Even more spectacular than the failure of Ireland’s “efficient business regulations” and “competitive tax rates” is the failure of its austerity measures in what seems like record time. Not only did Ireland become the first Eurozone country to enter recession, it also became the first to test its status as a petri dish for conservative policy by becoming the first country to respond to the economic critics by enacting severe austerity measures.You'd think the media would report that when the wise 'serious' thinkers confidently state that the only option is to cut and cut and cut some more, that such a program HAS NEVER WORKED. That wherever it is tried it leads to short term misery for the poor (to pay for the wild unregulated parties of the rich) and long term stagnation for the economy as a whole.
The government’s 2008 emergency budget was the kind of economic medicine that even now conservatives are clamoring for here in the U.S. — a package of cuts in social programs from education to medical care, combined with a bailout of the country’s banks. The idea was that making such severe cuts would increase confidence and produce growth by assuring investors that Ireland was serious about it’s economic problems.
Ireland’s austerity measures were an “epic fail” on two fronts. The country was rewarded with shrinking economy, and a sharper downturn than if the government had spent more to keep people working. The suffering that austerity measures brought the Irish people sparked a series of public demonstrations in 2008, 2009, and 2010.
But austerity did not inspire confidence nor deliver the growth its proponents promised. Fiscal austerity failed to reassure the markets, and Ireland’s credit rating was lowered. Most recently, the country found itself in need of a bailout from the E.U. to make up for the economic grown not delivered by earlier austerity measures.
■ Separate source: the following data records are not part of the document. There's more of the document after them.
Lemma nviews_sumH o x y : (forall l, l \notin H -> x l = y l) -> sumH x = sumH y ->
  nviews o x = nviews o y.
Proof.
move=> xy sumxy; apply/nviews_share_equiv/(share_equiv_transport adj_sym xy).
by apply: val_inj; rewrite !val_Zp_sum; congr (_ %% _)%N.
Qed.

Definition data_at (s : 'I_n -> Zp) (r : {ffun edge -> Zp}) w :=
  (forall j, S j w = s j) /\ (forall j k, adj j k -> Rr j k w = edge_fun r j k).

Lemma sum_data_ind w (G : {ffun 'I_n -> Zp} -> {ffun edge -> Zp} -> R) :
  \sum_(s : {ffun 'I_n -> Zp}) \sum_(r : {ffun edge -> Zp}) G s r * ind (data_at s r w)
  = G [ffun j => S j w] [ffun e : edge => Rr (val e).1 (val e).2 w].
Proof.
set s0 := [ffun j => S j w]; set r0 := [ffun e : edge => Rr (val e).1 (val e).2 w].
rewrite (bigD1 s0) //= (bigD1 r0) //= indT; last first.
  split=> [j|j k jk]; first by rewrite ffunE.
  by rewrite (edge_funE _ jk) ffunE.
rewrite mulr1 big1 ?addr0 => [|r rr0]; last first.
  rewrite indF ?mulr0 // => -[_ Rr_r]; case/eqP: rr0; apply/ffunP => -[[j k] jk].
  by rewrite ffunE /= (Rr_r _ _ jk) (edge_funE _ jk).
rewrite big1 ?addr0 // => s ss0; apply: big1 => r _.
rewrite indF ?mulr0 // => -[S_s _]; case/eqP: ss0.
by apply/ffunP => j; rewrite ffunE S_s.
Qed.

Lemma Pr_data (F : ('I_n -> Zp) -> ('I_n -> 'I_n -> Zp) -> Prop) :
  (forall s r r', (forall j k, adj j k -> r j k = r' j k) -> F s r = F s r') ->
  Pr P (fun w => F (fun j => S j w) (fun j k => Rr j k w)) =
  prob_edges * \sum_(s : {ffun 'I_n -> Zp}) \sum_(r : {ffun edge -> Zp})
                 ind (F s (edge_fun r)) * prob_inputs s.
Proof.
move=> F_compat.
transitivity (\sum_(s : {ffun 'I_n -> Zp}) \sum_(r : {ffun edge -> Zp})
                ind (F s (edge_fun r)) * Pr P (data_at s r)); last first.
  rewrite mulr_sumr; apply: eq_bigr => s _; rewrite mulr_sumr; apply: eq_bigr => r _.
  by rewrite /data_at data_indep mulrA mulrC.
transitivity (\sum_w \sum_(s : {ffun 'I_n -> Zp}) \sum_(r : {ffun edge -> Zp})
                ind (F s (edge_fun r)) * P w * ind (data_at s r w)); last first.
  rewrite exchange_big; apply: eq_bigr => s _; rewrite exchange_big; apply: eq_bigr => r _.
  by rewrite Pr_ind mulr_sumr; apply: eq_bigr => w _; rewrite mulrCA mulrC.
rewrite Pr_ind; apply: eq_bigr => w _; rewrite sum_data_ind; congr (ind _ * _).
have -> : ([ffun j => S j w] : 'I_n -> Zp) = (fun j => S j w).
  by apply: funext => j; rewrite ffunE.
by apply: esym; apply: F_compat => j k jk; rewrite (edge_funE _ jk) ffunE.
Qed.

Lemma Pr_inputs (F : ('I_n -> Zp) -> Prop) :
  Pr P (fun w => F (fun j => S j w)) =
  prob_edges * #|{ffun edge -> Zp}|%:R *
    \sum_(s : {ffun 'I_n -> Zp}) ind (F s) * prob_inputs s.
Proof.
rewrite (Pr_data (F := fun s _ => F s)) // -mulrA; congr (_ * _); rewrite mulr_sumr.
by apply: eq_bigr => s _; rewrite sumr_const mulr_natl.
Qed.

Lemma Pr_inputs_obs (F : ('I_n -> Zp) -> Prop) o :
  Pr P (fun w => F (fun j => S j w) /\ obs w = o) =
  prob_edges * \sum_(s : {ffun 'I_n -> Zp}) ind (F s) * nviews o s * prob_inputs s.
Proof.
rewrite (Pr_data (F := fun s r => F s /\ view s r = o)); last first.
  by move=> s r r' rr'; congr (_ /\ _ = o); apply: view_edge_compat.
congr (_ * _); apply: eq_bigr => s _; rewrite /nviews mulr_sumr mulr_suml.
by apply: eq_bigr => r _; rewrite ind_and.
Qed.

Lemma Pr_obs o :
  Pr P (fun w => obs w = o) =
  prob_edges * \sum_(s : {ffun 'I_n -> Zp}) nviews o s * prob_inputs s.
Proof.
rewrite (Pr_data (F := fun s r => view s r = o)); last first.
  by move=> s r r' rr'; congr (_ = o); apply: view_edge_compat.
by congr (_ * _); apply: eq_bigr => s _; rewrite /nviews mulr_suml.
Qed.

Definition mix (s t : {ffun 'I_n -> Zp}) : {ffun 'I_n -> Zp} :=
  [ffun j => if j \in H then s j else t j].

Lemma mixK s t : mix (mix s t) (mix t s) = s.
Proof. by apply/ffunP => j; rewrite !ffunE; case: (j \in H). Qed.

Lemma sumH_mix s t : sumH (mix s t) = sumH s.
Proof. by apply: eq_bigr => j jH; rewrite ffunE jH. Qed.

Lemma prob_inputs_mix s t :
  prob_inputs (mix s t) * prob_inputs (mix t s) = prob_inputs s * prob_inputs t.
Proof.
pose pr u (A : pred 'I_n) := \prod_(j < n | A j) Pr P (fun w => S j w = u j).
have prob_split u : prob_inputs u = pr u (mem H) * pr u [predC H].
  by rewrite /prob_inputs (bigID (mem H)).
have mixH u v : pr (mix u v) (mem H) = pr u (mem H).
  by apply: eq_bigr => j jH; rewrite ffunE ifT.
have mixC u v : pr (mix u v) [predC H] = pr v [predC H].
  by apply: eq_bigr => j; rewrite inE => /negbTE jH; rewrite ffunE jH.
by rewrite !prob_split !mixH !mixC; ring.
Qed.

Section FixedObservation.
Variables (w0 : T) (a : Zp).
Hypothesis P_w0 : 0 < P w0.
Local Notation o := (obs w0).
Local Notation g := (sumH (fun j => S j w0)).

Lemma nviews_eq0 x : prob_inputs x != 0 -> sumH x != g -> nviews o x = 0.
Proof.
move=> px; apply: contraNeq => /eqP nx0.
have [r] : exists r : {ffun edge -> Zp}, view x (edge_fun r) = o.
  apply: contrapT => nor; apply: nx0; apply: big1 => r _.
  by apply: indF => xr; apply: nor; exists r.
move/sum_honest_component_view/(congr1 val); rewrite !val_Zp_sum !modn_small.
- by move/eqP.
- exact: leq_ltn_trans (sumH_le _) (sum_lt_p P_w0).
- exact: leq_ltn_trans (sumH_le _) (sum_lt_p_of_prob_inputs px).
Qed.

Lemma nviews_swap x y : (forall l, l \notin H -> x l = y l) ->
  prob_inputs x != 0 -> prob_inputs y != 0 ->
  nviews o x * ind (sumH y = g) = ind (sumH x = g) * nviews o y.
Proof.
move=> xy px py; have [exy|nxy] := eqVneq (sumH x) (sumH y).
  by rewrite exy (nviews_sumH o xy exy) mulrC.
have [xg|xg] := eqVneq (sumH x) g.
  have yg : sumH y != g by rewrite -xg eq_sym.
  by rewrite (nviews_eq0 py yg) indF ?mulr0 //; apply/eqP.
by rewrite (nviews_eq0 px xg) (@indF _ (sumH x = g)) ?mul0r ?mulr0 //; apply/eqP.
Qed.

Lemma swap_term s t :
  ind (mix s t i = a) * nviews o (mix s t) * prob_inputs (mix s t) *
    (ind (sumH (mix t s) = g) * prob_inputs (mix t s)) =
  ind (s i = a /\ sumH s = g) * prob_inputs s * (nviews o t * prob_inputs t).
Proof.
rewrite ind_and ffunE honest_component_self sumH_mix.
transitivity (ind (s i = a) * (nviews o (mix s t) * ind (sumH t = g)) *
              (prob_inputs (mix s t) * prob_inputs (mix t s))); first by ring.
rewrite prob_inputs_mix.
transitivity (ind (s i = a) * (ind (sumH s = g) * nviews o t) *
              (prob_inputs s * prob_inputs t)); last by ring.
have [->|pst] := eqVneq (prob_inputs s * prob_inputs t) 0; first by rewrite !mulr0.
rewrite nviews_swap ?sumH_mix // => [l lH||]; first by rewrite ffunE (negbTE lH).
- by move: pst; rewrite -prob_inputs_mix mulf_eq0 => /norP[].
- by move: pst; rewrite mulf_eq0 => /norP[].
Qed.

(* (s, t) |-> (mix s t, mix t s) is an involution preserving
   prob_inputs s * prob_inputs t; it maps one integrand onto the other. *)
Lemma swap_identity :
  (\sum_(s : {ffun 'I_n -> Zp}) ind (s i = a) * nviews o s * prob_inputs s) *
  (\sum_(t : {ffun 'I_n -> Zp}) ind (sumH t = g) * prob_inputs t) =
  (\sum_(s : {ffun 'I_n -> Zp}) ind (s i = a /\ sumH s = g) * prob_inputs s) *
  (\sum_(t : {ffun 'I_n -> Zp}) nviews o t * prob_inputs t).
Proof.
rewrite !big_distrlr !pair_bigA /=.
have swap_inj : injective (fun st : {ffun 'I_n -> Zp} * {ffun 'I_n -> Zp} =>
                             (mix st.1 st.2, mix st.2 st.1)).
  by apply: inv_inj => -[s t]; rewrite /= !mixK.
by rewrite [LHS](reindex_inj swap_inj); apply: eq_bigr => -[s t] _; apply: swap_term.
Qed.

Lemma obs_indep :
  Pr P (fun w => S i w = a /\ obs w = o) * Pr P (fun w => sumH (fun j => S j w) = g) =
  Pr P (fun w => S i w = a /\ sumH (fun j => S j w) = g) * Pr P (fun w => obs w = o).
Proof.
rewrite (Pr_inputs_obs (fun s => s i = a)) (Pr_inputs (fun s => sumH s = g)).
rewrite (Pr_inputs (fun s => s i = a /\ sumH s = g)).
rewrite Pr_obs; set K := prob_edges; set N := #|{ffun edge -> Zp}|%:R.
transitivity (K * K * N *
  ((\sum_(s : {ffun 'I_n -> Zp}) ind (s i = a) * nviews o s * prob_inputs s) *
   (\sum_(t : {ffun 'I_n -> Zp}) ind (sumH t = g) * prob_inputs t))); first by ring.
by rewrite swap_identity; ring.
Qed.

End FixedObservation.

Lemma MI_obs_sumH : MI P (S i) obs = MI P (S i) (fun w => sumH (fun j => S j w)).
Proof.
rewrite /MI; apply: eq_bigr => w _.
have [<-|P_w] := eqVneq 0 (P w); first by rewrite !mul0r.
have {}P_w : 0 < P w by rewrite lt_def eq_sym P_w P_pmf.1.
congr (_ * ln _); have indep := obs_indep (S i w) P_w.
set A := Pr P _ in indep; set D := Pr P _ in indep.
set C := Pr P _ in indep; set B := Pr P (fun v => obs v = obs w) in indep.
rewrite -/A -/B -/C -/D.
have Pr_neq0 E : E w -> Pr P E != 0.
  by move=> Ew; rewrite gt_eqF // (lt_le_trans P_w (Pr_ge P_pmf Ew)).
have B0 : B != 0 by apply: Pr_neq0.
have D0 : D != 0 by apply: Pr_neq0.
have X0 : Pr P (fun v => S i v = S i w) != 0 by apply: Pr_neq0.
by rewrite -[A](mulfK D0) indep; field; rewrite X0 B0 D0.
Qed.

End Privacy.

Theorem theorem1 (R : realType) (n : nat) (adj : rel 'I_n) (Vc : {set 'I_n})
  (p : nat) (c theta : R)
  (T : finType) (P : T -> R)
  (S : 'I_n -> T -> 'I_p) (Rr : 'I_n -> 'I_n -> T -> 'I_p) :
  (* G is a connected simple undirected graph *)
  symmetric adj -> irreflexive adj -> (forall u v, connect adj u v) ->
  (* every honest node has a corrupt neighbour *)
  (forall i, i \notin Vc -> exists2 j, adj i j & j \in Vc) ->
  (* probability space *)
  is_pmf P ->
  (* p exceeds every possible value of sum_j S_j *)
  (forall w, 0 < P w -> (\sum_(j < n) val (S j w) < p)%N) ->
  (* S_1..S_n mutually independent; the R_i^j (j in N_i) uniform on Z_p,
     mutually independent and independent of (S_1..S_n) *)
  (forall (s : 'I_n -> 'I_p) (r : 'I_n -> 'I_n -> 'I_p),
      Pr P (fun w => (forall i, S i w = s i) /\
                     (forall i j, adj i j -> Rr i j w = r i j))
      = (\prod_(i < n) Pr P (fun w => S i w = s i)) *
        (p%:R^-1) ^+ #|[pred ij : 'I_n * 'I_n | adj ij.1 ij.2]|) ->
  0 < c -> 0 <= theta < 1 ->
  let Sp := fun w (i : 'I_n) =>
    (Sshare p adj (fun j => val (S j w)) (fun j k => val (Rr j k w)) i)%:~R : R in
  let O := fun w =>
    ((fun j : 'I_n => if j \in Vc then Some (S j w) else None),
     (fun j k : 'I_n => if adj j k && ((j \in Vc) || (k \in Vc))
                        then Some (Rr j k w) else None),
     (fun t : nat => xseq adj c theta (Sp w) t)) in
  forall i : 'I_n, i \notin Vc ->
    MI P (S i) O =
    MI P (S i) (fun w => (\sum_(j in honest_component adj Vc i) val (S j w))%N).
Proof.
(* For p = 0 the input type 'I_0 is empty, so P cannot have mass 1. *)
case: p S Rr => [|p'] S Rr adj_sym _ _ _ P_pmf sum_lt_p data_indep c_gt0 _ Sp O i i_honest.
  have [w _|T0] := pickP (fun _ : T => true); first by case: (S i w).
  have := P_pmf.2; rewrite big1 => [/eqP|w]; last by have := T0 w.
  by rewrite eq_sym oner_eq0.
exact: (MI_obs_sumH theta adj_sym c_gt0 P_pmf sum_lt_p data_indep i_honest).
Qed.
The size of the bailout keeps growing, but recent reports said that it may amount to €85 billion ($145 billion).
The Irish people were left alone and unled, in a way that laid bare the cost of austerity in Ireland, exacted from the working and middle class taxpayers made to finance the bank bailout.
But the mainstream media is marked by an almost unbroken consensus of pro-business neo-liberalism that believes deficits are morally wrong and making people suffer in the name of fiscal probity is morally right. From the elite point of view, making the public pay for your excesses resulting in a nice big recession that lets them bring the fear of unemployment to the negotiating table and slash away at wages and benefits is the only highlight of an economic downturn.
A challenge: Find one unalloyed, incontrovertible example of austerity measures doing anything but making the economy worse. Expect to be looking for a long time.